Помимо меня в команде был еще один участник гребной регаты (правда, в 1923 году он не выступал, закончив колледж годом ранее) – Джордж Миллинг. «Если вы можете, не отдыхая, догрести от Путни до Мортлейка, – сказал нам Бинни, – то легко доберетесь от одного берега Шпицбергена до другого». В определенном смысле он был прав. Также в команду включили еще одного интересного человека – Алекса Фрейзера, блестящего молодого физика и математика, с которым у нас было множество общих интересов. Алекс любил говорить, а я – слушать, и мы сидели вечерами у огня, обсуждая вопросы, которые мало волновали наших коллег-гуманитариев. Чаще всего беседа строилась следующим образом: Алекс начинал рассказывать о каком-либо исследовании, я сперва поддакивал, а затем обнаруживал, что не согласен с ним в некоем определении или расчете, и разгорался спор, ведущим в котором был, конечно, Алекс. Он чаще всего и брал верх. Занимательно, что Алекса в компании дразнили «шпионом», потому что он был не из Оксфорда, а из Кембриджа.
Будучи математиком от природы, Алекс искренне восхищался красотой ландшафтов Свальбарда. Он находил в них распределение закономерностей, числовые ряды, идеальное, исконное совершенство нетронутой человеком природы. Никогда, говорил Алекс, никогда наука не достигнет уровня, который позволил бы ей взять верх над планетой; даже если мы закуем в сталь все реки, построим города на океаническом дне, подчиним себе вулканы и сотрем с лица земли леса, эти северные земли не пустят нас к себе, они проглотят нас, заморозят, изничтожат. Каждый день приносил новое подтверждение его высокопарным словам: непроходимый ландшафт, слякоть, туман делали передвижение невероятно сложным, пытаясь остановить нас практически каждые несколько ярдов.

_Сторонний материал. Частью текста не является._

(* [U_n(R)] is filtered by the subgroups [unip k] of matrices [1 + X] with [X]
   supported on the superdiagonals of index at least [k]; commutators raise the
   level, so [U_n(R)] is nilpotent.  Conversely, let [x] lie in a normal locally
   nilpotent subgroup [N] of [S^I_n(R)].  If two consecutive diagonal entries of
   [x] differed, conjugating [x] by an elementary matrix [1 + e_(i,i+1)] would give
   [y] in [N] such that the iterated commutators [[..[[x, y], x], ..], x] all have
   a nonzero [(i, i+1)]-entry (as [R] is a domain), contradicting the nilpotency of
   [<x, y>].  So the diagonal of [x] is constant, hence [1] since [I] is proper.
   Automorphisms preserve normal locally nilpotent subgroups, so the largest one
   is characteristic. *)

Lemma ord_succ_const (T : Type) (n : nat) (a : 'I_n -> T) :
  (forall i j : 'I_n, j = i.+1 :> nat -> a i = a j) -> forall i j : 'I_n, a i = a j.
Proof.
move=> a_succ.
have a_up m (i j : 'I_n) : j = (i + m)%N :> nat -> a i = a j.
  elim: m j => [|m IHm] j hj.
    by rewrite addn0 in hj; rewrite (val_inj hj).
  have lt_im : (i + m < n)%N by move: (ltn_ord j); rewrite [nat_of_ord j]hj addnS => /ltnW.
  by rewrite (IHm (Ordinal lt_im)) //; apply: a_succ; rewrite hj addnS.
move=> i j; have [le_ij|lt_ji] := leqP i j.
  by apply: (a_up (j - i)%N); rewrite subnKC.
by apply/esym/(a_up (i - j)%N); rewrite subnKC // ltnW.
Qed.

Lemma commutator_sub1 (V : pzRingType) (x y : V) :
  (x - 1) * (y - 1) - (y - 1) * (x - 1) = x * y - y * x.
Proof.
rewrite !mulrBl !mulrBr !mul1r !mulr1 !opprB !addrA.
congr (_ - y * x).
by rewrite (addrAC _ (-1) y) (addrAC _ x y) subrK (addrAC _ 1 x) subrK addrK.
Qed.

Section Subgroups.
Variables (R : comUnitRingType) (n : nat).
Local Notation mx := 'M[R]_n.
Implicit Types (G H X : mx -> Prop).

Lemma gen_min X H : (forall x, X x -> H x) -> H 1%:M ->
    (forall x y, H x -> H y -> H (x *m y)) -> (forall x, H x -> H (invmx x)) ->
  forall x, gen X x -> H x.
Proof. by move=> XH H1 HM HV x; elim=> //; auto. Qed.

Lemma subgroup_gen_sub G H X : is_subgroup G H -> (forall x, X x -> H x) ->
  forall x, gen X x -> H x.
Proof. by case=> _ H1 HM HV XH; apply: gen_min. Qed.

Lemma subgroup_commx G H x y : is_subgroup G H -> H x -> H y -> H (commx x y).
Proof. by case=> _ _ HM HV hx hy; apply/HM/hy/HM/hx/HM; apply: HV. Qed.

Lemma lcs_sub G H N : is_subgroup G N -> (forall x, H x -> N x) ->
  forall c x, lcs H c x -> N x.
Proof.
move=> sgN HN; elim=> [|c IHc] x /=; first exact: HN.
apply: (subgroup_gen_sub sgN) => _ [a [b [ha hb ->]]].
by apply: (subgroup_commx sgN); [apply: IHc | apply: HN].
Qed.

End Subgroups.

Section UpperBand.
Variables (R : pzRingType) (n : nat).
Local Notation mx := 'M[R]_n.

Definition upper_band (k : nat) (A : mx) : Prop :=
  forall i j : 'I_n, (j < i + k)%N -> A i j = 0.

Lemma upper_band0 k : upper_band k (0 : mx).
Proof. by move=> i j _; rewrite mxE. Qed.

Lemma upper_bandW k l (A : mx) : (l <= k)%N -> upper_band k A -> upper_band l A.
Proof. by move=> le_lk hA i j hij; apply: hA; lia. Qed.

Lemma upper_bandD k (A B : mx) : upper_band k A -> upper_band k B -> upper_band k (A + B).
Proof. by move=> hA hB i j hij; rewrite !mxE hA ?hB ?addr0. Qed.

Lemma upper_bandN k (A : mx) : upper_band k A -> upper_band k (- A).
Proof. by move=> hA i j hij; rewrite !mxE hA ?oppr0. Qed.

Lemma upper_bandB k (A B : mx) : upper_band k A -> upper_band k B -> upper_band k (A - B).
Proof. by move=> hA hB; apply/upper_bandD/upper_bandN. Qed.

Lemma upper_bandM k l (A B : mx) :
  upper_band k A -> upper_band l B -> upper_band (k + l) (A *m B).
Proof.
move=> hA hB i j hij; rewrite !mxE big1 // => m _.
have [lt_mk|le_km] := ltnP m (i + k); first by rewrite hA // mul0r.
by rewrite hB ?mulr0 //; lia.
Qed.

Lemma upper_bandX k m (A : mx) : upper_band k A -> upper_band (k * m) (A ^+ m).
Proof.
move=> hA; elim: m => [|m IHm].
  by rewrite muln0 expr0 => i j; rewrite addn0 mxE; case: eqP => // ->; rewrite ltnn.
by rewrite exprS -mulmxE mulnS; apply: upper_bandM.
Qed.

Lemma upper_band_sum k m (F : 'I_m -> mx) :
  (forall i, upper_band k (F i)) -> upper_band k (\sum_(i < m) F i).
Proof.
by move=> hF; elim/big_ind: _ => //; [apply: upper_band0 | apply: upper_bandD].
Qed.

Lemma upper_band_eq0 k (A : mx) : (n <= k)%N -> upper_band k A -> A = 0.
Proof. by move=> le_nk hA; apply/matrixP => i j; rewrite mxE hA //; have := ltn_ord j; lia. Qed.

Lemma upper_band_diag (d : 'rV[R]_n) : upper_band 0 (diag_mx d).
Proof. by move=> i j; rewrite addn0 mxE; case: eqP => [->|]; rewrite ?ltnn ?mulr0n. Qed.

Lemma mulmx_diag (A B : mx) (i : 'I_n) :
  upper_band 0 A -> upper_band 0 B -> (A *m B) i i = A i i * B i i.
Proof.
move=> hA hB; rewrite mxE (bigD1 i) //= big1 ?addr0 // => m ne_mi.
have [lt_mi|le_im] := ltnP m i; first by rewrite hA ?mul0r // addn0.
by rewrite hB ?mulr0 // addn0 ltn_neqAle le_im andbT eq_sym.
Qed.

Lemma mulmx_superdiag (A B : mx) (i0 i1 : 'I_n) : i1 = i0.+1 :> nat ->
  upper_band 0 A -> upper_band 0 B ->
  (A *m B) i0 i1 = A i0 i0 * B i0 i1 + A i0 i1 * B i1 i1.
Proof.
move=> i01 hA hB; have ne01 : i0 != i1 by apply/eqP => e; move: i01; rewrite e; lia.
rewrite mxE (bigD1 i0) //= (bigD1 i1) /=; last by rewrite eq_sym.
rewrite big1 ?addr0 // => m /andP[ne_m0 ne_m1].
have [lt_m0|le_0m] := ltnP m i0; first by rewrite hA ?mul0r // addn0.
rewrite hB ?mulr0 // addn0.
by move: le_0m ne_m0 ne_m1; rewrite -!(inj_eq (@ord_inj _)) i01; lia.
Qed.

End UpperBand.

Section Unipotent.
Variables (R : comUnitRingType) (n : nat).
Local Notation mx := 'M[R]_n.

Lemma upper_triE (A : mx) : upper_tri A <-> upper_band 0 A.
Proof. by split=> hA i j hij; apply: hA; rewrite ?addn0 in hij *. Qed.

Lemma mulmx_geometric_series (X : mx) :
  upper_band 1 X -> (1%:M - X) *m (\sum_(i < n) X ^+ i) = 1%:M.
Proof.
move=> hX; have Xn0 : X ^+ n = 0.
  by apply: (upper_band_eq0 (k := 1 * n)); [rewrite mul1n | apply: upper_bandX].
by rewrite -opprB mulNmx mulmxE -subrX1 Xn0 sub0r opprK idmxE.
Qed.

Lemma invmx_upper (g : mx) : upper_band 0 g -> (forall i, g i i \is a GRing.unit) ->
  [/\ g \in unitmx, upper_band 0 (invmx g) & forall i, invmx g i i = (g i i)^-1].
Proof.
move=> hg g_unit; pose Dinv := diag_mx (\row_i (g i i)^-1).
pose X := 1%:M - Dinv *m g.
have hX : upper_band 1 X.
  move=> i j hij; rewrite /X mul_diag_mx !mxE.
  have [<-|ne_ij] := eqVneq i j; first by rewrite mulVr // subrr.
  rewrite (hg i j) ?mulr0 ?subr0 //; move: ne_ij hij; rewrite -(inj_eq (@ord_inj _)); lia.
have left_inv : ((\sum_(i < n) X ^+ i) *m Dinv) *m g = 1%:M.
  have DgE : Dinv *m g = 1%:M - X by rewrite /X opprB addrC subrK.
  by rewrite -mulmxA DgE mulmx1C // mulmx_geometric_series.
have [_ g_unitmx] := mulmx1_unit left_inv.
have invg : invmx g = (\sum_(i < n) X ^+ i) *m Dinv.
  by rewrite -[invmx g]mul1mx -left_inv -(mulmxA _ g) mulmxV // mulmx1.
have inv_upper : upper_band 0 (invmx g).
  rewrite invg -[0%N]/(0 + 0)%N; apply: upper_bandM; last exact: upper_band_diag.
  by apply: upper_band_sum => i; apply: (upper_bandW (k := 1 * i)) => //; apply: upper_bandX.
split=> // i; have := mulmx_diag i inv_upper hg.
rewrite mulVmx // mxE eqxx /= => /esym gi.
by rewrite -[invmx g i i]mulr1 -(mulrV (g_unit i)) mulrA gi mul1r.
Qed.

Definition unip (k : nat) (A : mx) : Prop := upper_band k (A - 1%:M).

Lemma unip_upper k (A : mx) : (0 < k)%N -> unip k A -> upper_band 0 A /\ forall i, A i i = 1.
Proof.
move=> k_gt0 hA; split=> [i j hij|i].
  have := hA i j; rewrite !mxE; case: eqVneq => [eq_ij|_]; first by move: hij; rewrite eq_ij; lia.
  by rewrite subr0; apply; lia.
by apply/eqP; rewrite -subr_eq0; have := hA i i; rewrite !mxE eqxx => ->; rewrite ?addn0 //; lia.
Qed.

Lemma UgrpE (A : mx) : Ugrp A <-> unip 1 A.
Proof.
split=> [[/upper_triE hA diagA] i j hij|/(unip_upper (ltnSn 0)) [/upper_triE hA diagA] //].
rewrite !mxE; have [<-|ne_ij] := eqVneq i j; first by rewrite diagA subrr.
rewrite hA ?subrr //; move: ne_ij hij; rewrite -(inj_eq (@ord_inj _)); lia.
Qed.

Lemma unip_invmx k (A : mx) : (0 < k)%N -> unip k A ->
  A \in unitmx /\ upper_band 0 (invmx A).
Proof.
move=> k_gt0 /(unip_upper k_gt0) [hA diagA].
have [|A_unit inv_upper _] := invmx_upper hA; last by [].
by move=> i; rewrite diagA unitr1.
Qed.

Но, конечно, экспедиция была задумана вовсе не ради выживания в северной пустыне. Мы ежедневно собирали десятки образцов почвы, растительных видов, фотографировали птиц и животных. Я был поражен тому, насколько богата флора, казалось бы, столь безжизненной земли. Десятки видов трав, цветов, кустарников я увидел там, где ожидал встретить в лучшем случае пару разновидностей мха и лишайника. Самым неприятным был сбор водорослей – я радовался, что я не биолог, что мне не нужно стоять по колено в холодной воде, срезая слизистые стебли неопределенного бурого цвета.
Но эта красота постепенно сходила на нет по пути на север. Северо-Восточная Земля оказалась мрачным, суровым островом, который значительно больше походил на тот Шпицберген, что я создал в своем воображении. Он представлял собой типичную арктическую тундру, где, кроме мхов и лишайников, нет практически ничего живого. Если на главном острове можно было встретить человека (в основном, тут жили рабочие норвежских угольных шахт), то на Северо-Восточной Земле любое движение означало – медведь. Мы были готовы убивать, если бы это стало необходимо, – но, слава богу, ни один белый гигант не попытался подойти к нам даже на расстояние выстрела.
Правда, один раз мы потревожили расположившуюся на берегу колонию моржей. Они почуяли нас издалека, раздался чудовищный рев, и все стадо в считанные секунды соскользнуло в воду. Меня поразило сочетание неимоверной мощи и инстинкта, призывающего не сражаться, а бежать. В естественной среде у моржа есть несколько сильных врагов, например тот же белый медведь, но человек в видении могучего клыкастого зверя должен казаться жалкой блохой. Тем не менее колонию мы спугнули.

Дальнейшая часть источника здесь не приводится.